-- What the task asks --
Lines below that include the word "overline" should each be copied.

++++ Available data

(** * A verified symbolic differentiator

    Derivatives of the atoms [iter_pd vs f] keep [vs] sorted, which is sound for
    smooth [f] by Clairaut's theorem; equal mixed partials are then syntactically
    equal, so identities between derivatives reduce to field identities. *)

Inductive expr :=
| EAtom (f : fn) (vs : list Defs.var)
| ECst (c : R)
| EAdd (a b : expr) | ESub (a b : expr) | EMul (a b : expr) | EDiv (a b : expr)
| EOpp (a : expr) | EPow (a : expr) (n : nat).

Fixpoint eval (e : expr) : fn :=
  match e with
  | EAtom f vs => iter_pd vs f
  | ECst c => fun _ _ _ _ => c
  | EAdd a b => fun x y z t => eval a x y z t + eval b x y z t
  | ESub a b => fun x y z t => eval a x y z t - eval b x y z t
  | EMul a b => fun x y z t => eval a x y z t * eval b x y z t
  | EDiv a b => fun x y z t => eval a x y z t / eval b x y z t
  | EOpp a => fun x y z t => - eval a x y z t
  | EPow a n => fun x y z t => eval a x y z t ^ n
  end.

Fixpoint dexpr (v : Defs.var) (e : expr) : expr :=
  match e with
  | EAtom f vs => EAtom f (insert_var v vs)
  | ECst _ => ECst 0
  | EAdd a b => EAdd (dexpr v a) (dexpr v b)
  | ESub a b => ESub (dexpr v a) (dexpr v b)
  | EMul a b => EAdd (EMul (dexpr v a) b) (EMul a (dexpr v b))
  | EDiv a b => EDiv (ESub (EMul (dexpr v a) b) (EMul (dexpr v b) a)) (EMul b b)
  | EOpp a => EOpp (dexpr v a)
  | EPow a n => EMul (EMul (ECst (INR n)) (EPow a (pred n))) (dexpr v a)
  end.

Fixpoint wf_at (O : R -> R -> R -> R -> Prop) (x y z t : R) (e : expr) : Prop :=
  match e with
  | EAtom f _ => smooth_on O f
  | ECst _ => True
  | EAdd a b | ESub a b | EMul a b => wf_at O x y z t a /\ wf_at O x y z t b
  | EDiv a b => wf_at O x y z t a /\ wf_at O x y z t b /\ eval b x y z t <> 0
  | EOpp a | EPow a _ => wf_at O x y z t a
  end.

Definition xbracket (p q : expr) : expr := ESub (EMul p (dexpr VX q)) (EMul (dexpr VX p) q).

Lemma derivable_eval O v x y z t e : open4 O -> O x y z t -> wf_at O x y z t e ->
  derivable_pt_lim (line v (eval e) x y z t) (coord v x y z t) (eval (dexpr v e) x y z t).
Proof.
  intros HO Hp. induction e; simpl; intros Hw.
  - replace (iter_pd (insert_var v vs) f x y z t) with (pd v (iter_pd vs f) x y z t).
    + apply (derivable_pd_smooth O); [apply smooth_on_iter_pd|]; assumption.
    + apply (iter_pd_perm O f (v :: vs)); auto. apply insert_var_perm.
  - destruct v; apply derivable_pt_lim_const.
  - destruct Hw as [H1 H2].
    destruct v; exact (derivable_pt_lim_plus _ _ _ _ _ (IHe1 H1) (IHe2 H2)).
  - destruct Hw as [H1 H2].
    destruct v; exact (derivable_pt_lim_minus _ _ _ _ _ (IHe1 H1) (IHe2 H2)).
  - destruct Hw as [H1 H2].
    destruct v; exact (derivable_pt_lim_mult _ _ _ _ _ (IHe1 H1) (IHe2 H2)).
  - destruct Hw as [H1 [H2 H3]].
    destruct v; exact (derivable_pt_lim_div _ _ _ _ _ (IHe1 H1) (IHe2 H2) H3).
  - destruct v; exact (derivable_pt_lim_opp _ _ _ (IHe Hw)).
  - destruct v; exact (derivable_pt_lim_comp _ (fun s => s ^ n) _ _ _ (IHe Hw)
                         (derivable_pt_lim_pow _ n)).
Qed.

Lemma pd_eval O v e x y z t : open4 O -> O x y z t -> wf_at O x y z t e ->
  pd v (eval e) x y z t = eval (dexpr v e) x y z t.
Proof. intros HO Hp Hw. apply pd_eq, (derivable_eval O); assumption. Qed.

Lemma dexpr_vanish_on O v e x y z t : open4 O -> O x y z t -> wf_at O x y z t e ->
  (forall X Y Z T, O X Y Z T -> eval e X Y Z T = 0) -> eval (dexpr v e) x y z t = 0.
Proof.
  intros HO Hp Hw He. rewrite <- (pd_eval O) by assumption. apply (pd_zero_on O); assumption.
Qed.

Lemma xbracket_vanish_on O p q x y z t : open4 O -> O x y z t -> wf_at O x y z t q ->
  (forall X Y Z T, O X Y Z T -> eval q X Y Z T = 0) -> eval (xbracket p q) x y z t = 0.
Proof.
  intros HO Hp Hw Hq. unfold xbracket. cbn [eval].
  rewrite (dexpr_vanish_on O VX q), Hq by assumption. ring.
Qed.

(** * The equation and the operator as formal expressions

    Each [eval (Reified.c ...)] is convertible to the homonymous definition [c]
    of the statement, except that derivatives taken inside [eq_star], [ell] and
    [compat_expr] are formal ([dexpr]) instead of [pd]. *)

Module Reified.
Section Exprs.
Variables (a : R) (u U W : fn).

Definition ux := EAtom u [VX].
Definition m_of := EDiv (ESub (EAtom u [VY]) (EAtom u [VZ])) ux.
Definition n_of := EDiv (ESub (EAtom u [VZ]) (EAtom u [VT])) ux.
Definition tz_of := EDiv (ESub (EAtom u [VT]) (EAtom u [VZ])) ux.
Definition delta_m := ESub (EDiv (ESub (EAtom U [VY]) (EAtom U [VZ])) ux)
  (EDiv (EMul (ESub (EAtom u [VY]) (EAtom u [VZ])) (EAtom U [VX])) (EPow ux 2)).
Definition delta_n := ESub (EDiv (ESub (EAtom U [VZ]) (EAtom U [VT])) ux)
  (EDiv (EMul (ESub (EAtom u [VZ]) (EAtom u [VT])) (EAtom U [VX])) (EPow ux 2)).
Definition f1 := EDiv (ESub (EMul (ECst a) (ESub (EAtom u [VX; VY]) (EAtom u [VX; VZ])))
  (EAtom u [VX; VZ])) ux.
Definition f2 := EDiv (ESub (EMul (ECst a) (ESub (EAtom u [VX; VZ]) (EAtom u [VX; VT])))
  (EAtom u [VX; VT])) ux.
Definition rhs1 := EAdd (EAdd (EMul (EMul (EOpp (EAdd (ECst 1) (ECst a))) m_of) (EAtom U [VX]))
  (EAtom U [VY])) (EMul f1 (EAtom U [])).
Definition rhs2 := EAdd (EAdd (EMul (EMul (EAdd (ECst 1) (ECst a)) tz_of) (EAtom U [VX]))
  (EAtom U [VZ])) (EMul f2 (EAtom U [])).
Definition lhs1 := EAdd (ESub (EAtom W [VZ]) (EMul (EMul (ECst a) m_of) (EAtom W [VX])))
  (EMul f1 (EAtom W [])).
Definition lhs2 := EAdd (EAdd (EAtom W [VT]) (EMul (EMul (ECst a) tz_of) (EAtom W [VX])))
  (EMul f2 (EAtom W [])).
Definition cPx := EMul (ECst a) m_of.
Definition cP0 := EOpp f1.
Definition cQx := EOpp (EMul (ECst a) tz_of).
Definition cQ0 := EOpp f2.
Definition Pz := EAdd (EAdd (EMul cPx (EAtom W [VX])) (EMul cP0 (EAtom W []))) rhs1.
Definition Qt := EAdd (EAdd (EMul cQx (EAtom W [VX])) (EMul cQ0 (EAtom W []))) rhs2.
Definition eq_star :=
  ESub (ESub (EAdd (dexpr VT m_of) (EMul (EMul (ECst a) m_of) (dexpr VX n_of))) (dexpr VZ n_of))
    (EMul (EMul (ECst a) n_of) (dexpr VX m_of)).
Definition ell := ESub (ESub (ESub (EAdd (EAdd (dexpr VT delta_m)
  (EMul (EMul (ECst a) delta_m) (dexpr VX n_of))) (EMul (EMul (ECst a) m_of) (dexpr VX delta_n)))
  (dexpr VZ delta_n)) (EMul (EMul (ECst a) delta_n) (dexpr VX m_of)))
  (EMul (EMul (ECst a) n_of) (dexpr VX delta_m)).
Definition compat_expr :=
  ESub (EAdd (EAdd (EAdd (EAdd (EMul (dexpr VT cPx) (EAtom W [VX])) (EMul cPx (dexpr VX Qt)))
        (EMul (dexpr VT cP0) (EAtom W []))) (EMul cP0 Qt)) (dexpr VT rhs1))
      (EAdd (EAdd (EAdd (EAdd (EMul (dexpr VZ cQx) (EAtom W [VX])) (EMul cQx (dexpr VX Pz)))
        (EMul (dexpr VZ cQ0) (EAtom W []))) (EMul cQ0 Pz)) (dexpr VZ rhs2)).
Definition res1 := ESub lhs1 rhs1.
Definition res2 := ESub lhs2 rhs2.
End Exprs.
End Reified.
(* For every $\theta=(\theta_1,\theta_2)\in\Theta$ and each $i\in\{1,2\}$, the smallest PSNE Pareto dominates the largest PSNE of $\mathcal{G}_\theta$: $$c_i\big(\theta_i,\underline{\mathbf a}^*(\theta)\big)\le c_i\big(\theta_i,\overline{\mathbf a}^*(\theta)\big).$$
   Context: Fix an integer $A_m\ge 1$, a weight $w>0$, and for $i\in\{1,2\}$ a finite set $\Theta_i\subset(0,\infty)$ of SNR values; let $\Theta=\Theta_1\times\Theta_2$, and write $-i$ for the index in $\{1,2\}\setminus\{i\}$. Let $c_e:(0,\infty)\times\{0,\dots,A_m\}\to\mathbb{R}_{+}$ be an arbitrary function. For each $\theta=(\theta_1,\theta_2)\in\Theta$, the two-player game $\mathcal{G}_\theta$ has strategy sets $\mathcal{A}_1=\mathcal{A}_2=\{0,1,\dots,A_m\}$ (profiles $\mathbf a=(a_1,a_2)$ ordered componentwise) and player $i$ minimizes the cost $$c_i(\theta_i,a_i,a_{-i})=w\,c_e(\theta_i,a_i)+\frac{1}{a_i+1}+\frac{a_{-i}}{a_i+1}.$$ A profile $\mathbf a^*$ is a pure strategy Nash equilibrium (PSNE) of $\mathcal{G}_\theta$ if $c_i(\theta_i,a_i^*,a_{-i}^* )\le c_i(\theta_i,a_i,a_{-i}^* )$ for all $i$ and all $a_i\in\mathcal{A}_i$. The set of PSNEs of $\mathcal{G}_\theta$ has a componentwise largest element $\overline{\mathbf a}^*(\theta)$ and a componentwise smallest element $\underline{\mathbf a}^*(\theta)$; $c_i(\theta_i,\mathbf a)$ means $c_i(\theta_i,a_i,a_{-i})$. *)

From Stdlib Require Import Reals List.
Open Scope R_scope.

Definition cost (w : R) (ce : R -> nat -> R) (th : R) (ai aj : nat) : R :=
  w * ce th ai + 1 / (INR ai + 1) + INR aj / (INR ai + 1).

Definition is_PSNE (Am : nat) (w : R) (ce : R -> nat -> R) (th1 th2 : R)
  (a1 a2 : nat) : Prop :=
  (a1 <= Am)%nat /\ (a2 <= Am)%nat /\
  (forall b : nat, (b <= Am)%nat -> cost w ce th1 a1 a2 <= cost w ce th1 b a2) /\
  (forall b : nat, (b <= Am)%nat -> cost w ce th2 a2 a1 <= cost w ce th2 b a1).

(* The cost of a player only increases with the opponent's action, and the
   smallest equilibrium lies below the largest one componentwise.  Hence
   at the smallest equilibrium each player can deviate to her action in the
   largest one and pay at most what she pays there; being in equilibrium,
   she pays even less without deviating. *)

From Stdlib Require Import Reals List Lra.
Open Scope R_scope.

Lemma cost_le_opponent (w : R) (ce : R -> nat -> R) (th : R) (a x y : nat) :
  (x <= y)%nat -> cost w ce th a x <= cost w ce th a y.
Proof.
  intros hxy; unfold cost.
  apply Rplus_le_compat_l, Rmult_le_compat_r.
  - assert (0 <= INR a) by apply pos_INR.
    left; apply Rinv_0_lt_compat; lra.
  - now apply le_INR.
Qed.

Lemma best_response_cost_le (w : R) (ce : R -> nat -> R) (th : R) (Am a x b y : nat) :
  (forall b', (b' <= Am)%nat -> cost w ce th a x <= cost w ce th b' x) ->
  (b <= Am)%nat -> (x <= y)%nat -> cost w ce th a x <= cost w ce th b y.
Proof.
  intros hbest hb hxy.
  apply Rle_trans with (cost w ce th b x); [now apply hbest|].
  now apply cost_le_opponent.
Qed.

Theorem theorem2
  (Am : nat) (hAm : (1 <= Am)%nat) (w : R) (hw : 0 < w)
  (Theta1 Theta2 : list R)
  (hT1 : forall t, In t Theta1 -> 0 < t) (hT2 : forall t, In t Theta2 -> 0 < t)
  (ce : R -> nat -> R)
  (hce : forall t a, 0 < t -> (a <= Am)%nat -> 0 <= ce t a)
  (th1 th2 : R) (hth1 : In th1 Theta1) (hth2 : In th2 Theta2)
  (l1 l2 u1 u2 : nat)
  (hl : is_PSNE Am w ce th1 th2 l1 l2)
  (hl_min : forall b1 b2, is_PSNE Am w ce th1 th2 b1 b2 -> (l1 <= b1)%nat /\ (l2 <= b2)%nat)
  (hu : is_PSNE Am w ce th1 th2 u1 u2)
  (hu_max : forall b1 b2, is_PSNE Am w ce th1 th2 b1 b2 -> (b1 <= u1)%nat /\ (b2 <= u2)%nat) :
  cost w ce th1 l1 l2 <= cost w ce th1 u1 u2 /\
  cost w ce th2 l2 l1 <= cost w ce th2 u2 u1.
Proof.
  destruct (hl_min u1 u2 hu) as [hlu1 hlu2].
  destruct hl as [_ [_ [hbest1 hbest2]]].
  destruct hu as [hu1 [hu2 _]].
  split; eapply best_response_cost_le; eauto.
Qed.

++++++++

-- Reply --
(* For every $\theta=(\theta_1,\theta_2)\in\Theta$ and each $i\in\{1,2\}$, the smallest PSNE Pareto dominates the largest PSNE of $\mathcal{G}_\theta$: $$c_i\big(\theta_i,\underline{\mathbf a}^*(\theta)\big)\le c_i\big(\theta_i,\overline{\mathbf a}^*(\theta)\big).$$
   Context: Fix an integer $A_m\ge 1$, a weight $w>0$, and for $i\in\{1,2\}$ a finite set $\Theta_i\subset(0,\infty)$ of SNR values; let $\Theta=\Theta_1\times\Theta_2$, and write $-i$ for the index in $\{1,2\}\setminus\{i\}$. Let $c_e:(0,\infty)\times\{0,\dots,A_m\}\to\mathbb{R}_{+}$ be an arbitrary function. For each $\theta=(\theta_1,\theta_2)\in\Theta$, the two-player game $\mathcal{G}_\theta$ has strategy sets $\mathcal{A}_1=\mathcal{A}_2=\{0,1,\dots,A_m\}$ (profiles $\mathbf a=(a_1,a_2)$ ordered componentwise) and player $i$ minimizes the cost $$c_i(\theta_i,a_i,a_{-i})=w\,c_e(\theta_i,a_i)+\frac{1}{a_i+1}+\frac{a_{-i}}{a_i+1}.$$ A profile $\mathbf a^*$ is a pure strategy Nash equilibrium (PSNE) of $\mathcal{G}_\theta$ if $c_i(\theta_i,a_i^*,a_{-i}^* )\le c_i(\theta_i,a_i,a_{-i}^* )$ for all $i$ and all $a_i\in\mathcal{A}_i$. The set of PSNEs of $\mathcal{G}_\theta$ has a componentwise largest element $\overline{\mathbf a}^*(\theta)$ and a componentwise smallest element $\underline{\mathbf a}^*(\theta)$; $c_i(\theta_i,\mathbf a)$ means $c_i(\theta_i,a_i,a_{-i})$. *)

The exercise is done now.